Figure 2. Adventitial eversion and prosthesis eversion technique for proximal anastomosis. A segment of artificial graft was inverted and inserted into the aortic root (A,C). During the suture, the adventitia above the suture line was everted to form two layers of adventitia (A). The two layers of adventitia were directly anastomosed to the inverted part of the graft with continuous 4–0 prolene (A). Thereafter, the rest part of the artificial graft was dragged out of the aortic root (B,D,E). Afterward, cardioplegia was infused through the artificial graft in order to check any possible bleeding at the anastomosis site and aortic valve function (F).

Double patch sandwich technique with Teflon felt for aortic root repair (the sandwich technique group)

Teflon felt strips were placed inside and outside the suture line, respectively. Continuous transverse mattress suture with 4–0 prolene was performed to finish the double patch sandwich. Then, a segment of artificial graft was anastomosed continuously to the double patch sandwich with 4–0 prolene. Afterward, cardioplegia was infused through the artificial graft in order to check for any leak in the anastomosis site and to test the aortic valvular function.
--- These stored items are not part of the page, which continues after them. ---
(* Let $f\in C^1(\mathbb{R})$ and consider the primary matrix function $f:\mathrm{Sym}(n)\to\mathrm{Sym}(n)$. Consider the conditions: (H-mon) $\langle f(B)-f(A),B-A\rangle>0$ for all $A\neq B\in\mathrm{Sym}(n)$; (O-mon) for all $A,B\in\mathrm{Sym}(n)$: if $B-A$ is positive definite then $f(B)-f(A)$ is positive definite; (S-mon) for all $a,b\in\mathbb{R}$: $b>a$ implies $f(b)>f(a)$; (P-mon) $\langle f(A+H)-f(A),H\rangle>0$ for all $H\in\mathrm{PSym}(n)$ and $A\in\mathrm{Sym}(n)$. Then (O-mon) $\Rightarrow$ (S-mon) $\Leftrightarrow$ (H-mon) $\Leftrightarrow$ (P-mon), and these are the only implications that hold in general; in particular (S-mon) does not in general imply (O-mon).
   Context: $\mathrm{Sym}(n)$ is the space of real symmetric $n\times n$ matrices with inner product $\langle X,Y\rangle=\mathrm{tr}(X^TY)$, and $\mathrm{PSym}(n)$ is the set of symmetric positive definite matrices. The primary matrix function is $f(A)=Q^T\mathrm{diag}(f(\lambda_1),\dots,f(\lambda_n))Q$ whenever $A=Q^T\mathrm{diag}(\lambda_1,\dots,\lambda_n)Q$ with $Q\in\mathrm{O}(n)$. *)

From HB Require Import structures.
From mathcomp Require Import all_boot all_order all_algebra.
From mathcomp Require Import all_classical all_reals all_analysis.
Set Implicit Arguments. Unset Strict Implicit. Unset Printing Implicit Defensive.
Import Order.TTheory GRing.Theory Num.Theory numFieldNormedType.Exports.
Local Open Scope classical_set_scope.
Local Open Scope ring_scope.

Section Defs.
Variable R : realType.

Definition C1 (f : R -> R) : Prop :=
  (forall x : R, derivable f x 1) /\ continuous (fun x : R => derive1 f x).

Definition symmx n (A : 'M[R]_n) : Prop := A^T = A.

Definition orthmx n (Q : 'M[R]_n) : Prop := Q^T *m Q = 1%:M.

Definition posdefmx n (A : 'M[R]_n) : Prop :=
  symmx A /\ forall x : 'cV[R]_n, x != 0 -> 0 < (x^T *m A *m x) 0 0.

Definition frob n (X Y : 'M[R]_n) : R := \tr (X^T *m Y).

(* Primary matrix function: f(A) = Q^T diag(f(l_1),...,f(l_n)) Q whenever
   A = Q^T diag(l_1,...,l_n) Q with Q orthogonal (a matrix chosen among
   those arising from some such decomposition). *)
Definition primary_mx n (f : R -> R) (A : 'M[R]_n) : 'M[R]_n :=
  xget 0 [set M : 'M[R]_n | exists (Q : 'M[R]_n) (d : 'rV[R]_n),
     orthmx Q /\ A = Q^T *m diag_mx d *m Q /\
     M = Q^T *m diag_mx (map_mx f d) *m Q].

Definition Hmon n (f : R -> R) : Prop :=
  forall A B : 'M[R]_n, symmx A -> symmx B -> A != B ->
    0 < frob (primary_mx f B - primary_mx f A) (B - A).

Definition Omon n (f : R -> R) : Prop :=
  forall A B : 'M[R]_n, symmx A -> symmx B -> posdefmx (B - A) ->
    posdefmx (primary_mx f B - primary_mx f A).

Definition Smon (f : R -> R) : Prop := forall a b : R, a < b -> f a < f b.

Definition Pmon n (f : R -> R) : Prop :=
  forall A H : 'M[R]_n, symmx A -> posdefmx H ->
    0 < frob (primary_mx f (A + H) - primary_mx f A) H.

End Defs.

From HB Require Import structures.
From mathcomp Require Import all_boot all_order all_algebra.
From mathcomp Require Import all_classical all_reals all_analysis.
From mathcomp Require Import complex sesquilinear spectral.
From mathcomp Require Import ring lra.
Import Order.TTheory GRing.Theory Num.Theory numFieldNormedType.Exports.
Local Open Scope ring_scope.
Set Implicit Arguments. Unset Strict Implicit. Unset Printing Implicit Defensive.

(* Write A = P^T diag(a) P and B = Q^T diag(b) Q with P, Q orthogonal (spectral
   theorem) and put W = Q P^T.  Then
     <f(B) - f(A), B - A> = sum_(i,j) W_ij^2 (f(b_i) - f(a_j)) (b_i - a_j),
   which for strictly increasing f is positive unless b_i = a_j whenever
   W_ij <> 0, i.e. unless A = B.  Conversely, on scalar matrices a I, b I each
   matrix condition reduces to f(a) < f(b).  Finally x |-> x^3 is strictly
   increasing but not operator monotone: for A = [[1,2],[2,1]] (padded by 0)
   and B = A + diag(1,3,1,...,1), x^T (B^3 - A^3) x = -1 at x = (2,-1,0,...). *)

Section SymmetricSpectral.
Variable R : realType.

Lemma rowmx_sqr_ge0 n (w : 'rV[R]_n) : 0 <= (w *m w^T) 0 0.
Proof. by rewrite mxE sumr_ge0 // => i _; rewrite mxE -expr2 sqr_ge0. Qed.

Lemma rowmx_sqr_gt0 n (w : 'rV[R]_n) : w != 0 -> 0 < (w *m w^T) 0 0.
Proof.
move=> w0; have w2_ge0 i : 0 <= w 0 i * w^T i 0 by rewrite mxE -expr2 sqr_ge0.
rewrite lt0r rowmx_sqr_ge0 andbT mxE psumr_eq0 //.
apply: contra w0 => /allP w2_0; apply/eqP/rowP => i.
have /implyP := w2_0 i (mem_index_enum i).
by rewrite mxE -expr2 sqrf_eq0 => /(_ isT) /eqP ->; rewrite mxE.
Qed.

Lemma posdefmx_1_add_gram n (c : R) (u : 'cV[R]_n) : 0 <= c ->
  posdefmx (1%:M + c *: (u *m u^T)).
Proof.
move=> c_ge0; split=> [|x x0].
  by rewrite /symmx linearD /= linearZ /= trmx_mul trmxK trmx1.
rewrite mulmxDr mulmx1 mulmxDl -scalemxAr -scalemxAl !mulmxA.
have -> : x^T *m u *m u^T *m x = (x^T *m u) *m (x^T *m u)^T by rewrite trmx_mul trmxK mulmxA.
rewrite mxE [X in _ + X]mxE ltr_wpDr ?mulr_ge0 ?rowmx_sqr_ge0 //.
by have := rowmx_sqr_gt0 (w := x^T); rewrite trmxK trmx_eq0; apply.
Qed.
Lemma ip_sumr (I : Type) (r : seq I) (P : pred I) (F : I -> H) x :
  ip x (\sum_(i <- r | P i) F i) = \sum_(i <- r | P i) ip x (F i).
Proof. exact: linear_sum. Qed.

Lemma ipBl x y z : ip (x - y) z = ip x z - ip y z.
Proof. by rewrite ![ip _ z]ip_conj ipBr rmorphB. Qed.

Lemma ipZl a x y : ip (a *: x) y = Num.conj a * ip x y.
Proof. by rewrite ![ip _ y]ip_conj ipZr rmorphM. Qed.

Lemma ip_suml (I : Type) (r : seq I) (P : pred I) (F : I -> H) y :
  ip (\sum_(i <- r | P i) F i) y = \sum_(i <- r | P i) ip (F i) y.
Proof.
rewrite ip_conj ip_sumr rmorph_sum; apply: eq_bigr => i _.
by rewrite [RHS]ip_conj.
Qed.

Definition rdot x y : R := complex.Re (ip x y).
Definition sqnorm x : R := rdot x x.

Lemma ip_sqnorm x : ip x x = (sqnorm x)%:C.
Proof.
have := ip_pos x; rewrite /sqnorm /rdot; case: (ip x x) => a b.
by rewrite lecE /= => /andP[/eqP -> _].
Qed.

Lemma sqnorm_ge0 x : 0 <= sqnorm x.
Proof. by rewrite -lecR -ip_sqnorm ip_pos. Qed.

Lemma sqnorm_eq0 x : sqnorm x = 0 -> x = 0.
Proof. by move=> x0; apply: ip_def; rewrite ip_sqnorm x0. Qed.

Lemma rdotC x y : rdot x y = rdot y x.
Proof. by rewrite /rdot [ip y x]ip_conj; case: (ip x y). Qed.

Lemma rdotDr x y z : rdot x (y + z) = rdot x y + rdot x z.
Proof. by rewrite /rdot ipDr raddfD. Qed.

Lemma rdotDl x y z : rdot (x + y) z = rdot x z + rdot y z.
Proof. by rewrite !(rdotC _ z) rdotDr. Qed.

Lemma rdotNr x y : rdot x (- y) = - rdot x y.
Proof. by rewrite /rdot linearN raddfN. Qed.

Lemma rdotZr x (t : R) y : rdot x (t%:C *: y) = t * rdot x y.
Proof. by rewrite /rdot ipZr Re_realM. Qed.

Lemma sqnormD x y : sqnorm (x + y) = sqnorm x + 2 * rdot x y + sqnorm y.
Proof. by rewrite /sqnorm rdotDl !rdotDr (rdotC y x); ring. Qed.

Lemma sqnormN x : sqnorm (- x) = sqnorm x.
Proof. by rewrite /sqnorm rdotNr rdotC rdotNr opprK. Qed.

Lemma sqnormB x y : sqnorm (x - y) = sqnorm x - 2 * rdot x y + sqnorm y.
Proof. by rewrite sqnormD rdotNr sqnormN; ring. Qed.

Lemma sqnormZc a x : sqnorm (a *: x) = complex.Re (Num.conj a * a) * sqnorm x.
Proof.
by rewrite [LHS]/sqnorm /rdot ipZl ipZr mulrA ip_sqnorm mulrC Re_realM mulrC.
Qed.

Lemma sqnormZ (t : R) x : sqnorm (t%:C *: x) = t ^+ 2 * sqnorm x.
Proof. by rewrite sqnormZc conj_real -rmorphM expr2. Qed.

Lemma rdot_CS x y : rdot x y ^+ 2 <= sqnorm x * sqnorm y.
Proof.
apply: quadratic_ge0_discr => [|t]; first exact: sqnorm_ge0.
by have := sqnorm_ge0 (y - t%:C *: x); rewrite sqnormB rdotZr sqnormZ rdotC mulrA.
Qed.

Lemma ip_CS x y : complex.Re (Num.conj (ip x y) * ip x y) <= sqnorm x * sqnorm y.
Proof.
set c := ip x y; set s := complex.Re (Num.conj c * c).
have s_ge0 : 0 <= s by rewrite /s; case: (c) => a b /=; nra.
have := rdot_CS x (Num.conj c *: y).
rewrite /rdot ipZr -/c sqnormZc conjCK [c * _]mulrC -/s.
have [->|s_neq0] := eqVneq s 0; first by rewrite mulr_ge0 ?sqnorm_ge0.
have s_gt0 : 0 < s by rewrite lt_def s_neq0.
by rewrite expr2 mulrCA ler_pM2l.
Qed.

End InnerProduct.

Section LinearFun.
Variables (R : realType) (U V : lmodType R[i]) (f : U -> V).
Hypothesis f_lin : linear f.

#[local] HB.instance Definition _ := GRing.isLinear.Build R[i] U V *:%R f f_lin.

Lemma linear_funB x y : f (x - y) = f x - f y.
Proof. exact: linearB. Qed.

Lemma linear_funZ a x : f (a *: x) = a *: f x.
Proof. exact: linearZ. Qed.

Lemma linear_fun_sum (I : Type) (r : seq I) (P : pred I) (F : I -> U) :
  f (\sum_(i <- r | P i) F i) = \sum_(i <- r | P i) f (F i).
Proof. exact: linear_sum. Qed.

End LinearFun.

Section RieszReal.
Variables (R : realType) (H : HilbertSpace R) (g : H -> R) (k : R).
Hypothesis gD : {morph g : x y / x + y}.
Hypothesis gZ : forall (t : R) x, g (t%:C *: x) = t * g x.
Hypothesis k_ge0 : 0 <= k.
Hypothesis g_bounded : forall x, g x ^+ 2 <= k * sqnorm x.

(* [energy (z + w) = energy z + 2 (rdot z w - g w) + sqnorm w], so a minimizer
   [z] of the energy represents [g]. *)
Let energy x := sqnorm x - 2 * g x.

Lemma energy_lb x : - k <= energy x.
Proof.
have := amgm_le k_ge0 (sqnorm_ge0 x) (g_bounded x); rewrite /energy; lra.
Qed.

Lemma energy_parallelogram x y :
  sqnorm (x - y) = 2 * energy x + 2 * energy y - 4 * energy (2^-1%:C *: (x + y)).
Proof. by rewrite sqnormB /energy sqnormZ gZ sqnormD gD; field. Qed.

Lemma energy_le_shift z d :
  energy z <= energy (z + d) + 2 * (hnorm z + Num.sqrt k) * hnorm d.
Proof.
have zd_le : - rdot z d <= hnorm z * hnorm d.
  by apply: ler_sqrtM_of_sqr; rewrite ?sqnorm_ge0 // sqrrN rdot_CS.
have gd_le : g d <= Num.sqrt k * hnorm d.
  by apply: ler_sqrtM_of_sqr; rewrite ?sqnorm_ge0.
have := sqnorm_ge0 d; rewrite /energy sqnormD gD; lra.
Qed.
The remained procedures were similar to the eversion technique group.

When the dissection involves part of the coronary opening and the surrounding intima of the coronary opening is intact, special reinforcement of the coronary artery is not necessary for performing these two techniques. When the surrounding intima of the coronary opening is not intact, pericardium may be used for the reinforcement of the coronary artery.

Step 3: TAT + FET

After the proximal anastomosis, circulatory arrest of the body lower part was performed at moderate hypothermia (Nasopharyngeal temperature 26–27^°C). Bilateral cerebral perfusion was achieved via the right axillary artery and left common carotid artery (LCCA). The aortic arch was opened longitudinally, and thereafter the stent elephant trunk was placed into the true lumen of the descending aorta. The orifice of the left subclavian artery (LSA) was totally covered by the stent elephant trunk, and subsequently the LSA root was closed. Afterward, the distal end of the four-branched artificial graft was anastomosed to the proximal end of the stent elephant trunk and aortic wall. Then, systemic perfusion was recovered through the cannulas in the femoral artery, and bleeding was checked in anastomosis sites between the distal end of the four-branched artificial graft and the proximal end of the stent elephant trunk. Finally, the LCCA and LSA were connected to the two 8-mm branches of the four-branched artificial graft, respectively with 5–0 prolene.

Step 4

The proximal end of four-branched artificial graft was continuously anastomosed to the artificial graft of step 2 with 4–0 prolene. Afterward, aortic cross clamp was released, and the brachiocephalic trunk reconstruction was performed. Transesophageal echocardiography was conducted before the weaning of CPB to test any abnormality of the valve and the cardiac chambers. All the patients were transferred to the cardiac surgery intensive care unit after the operation.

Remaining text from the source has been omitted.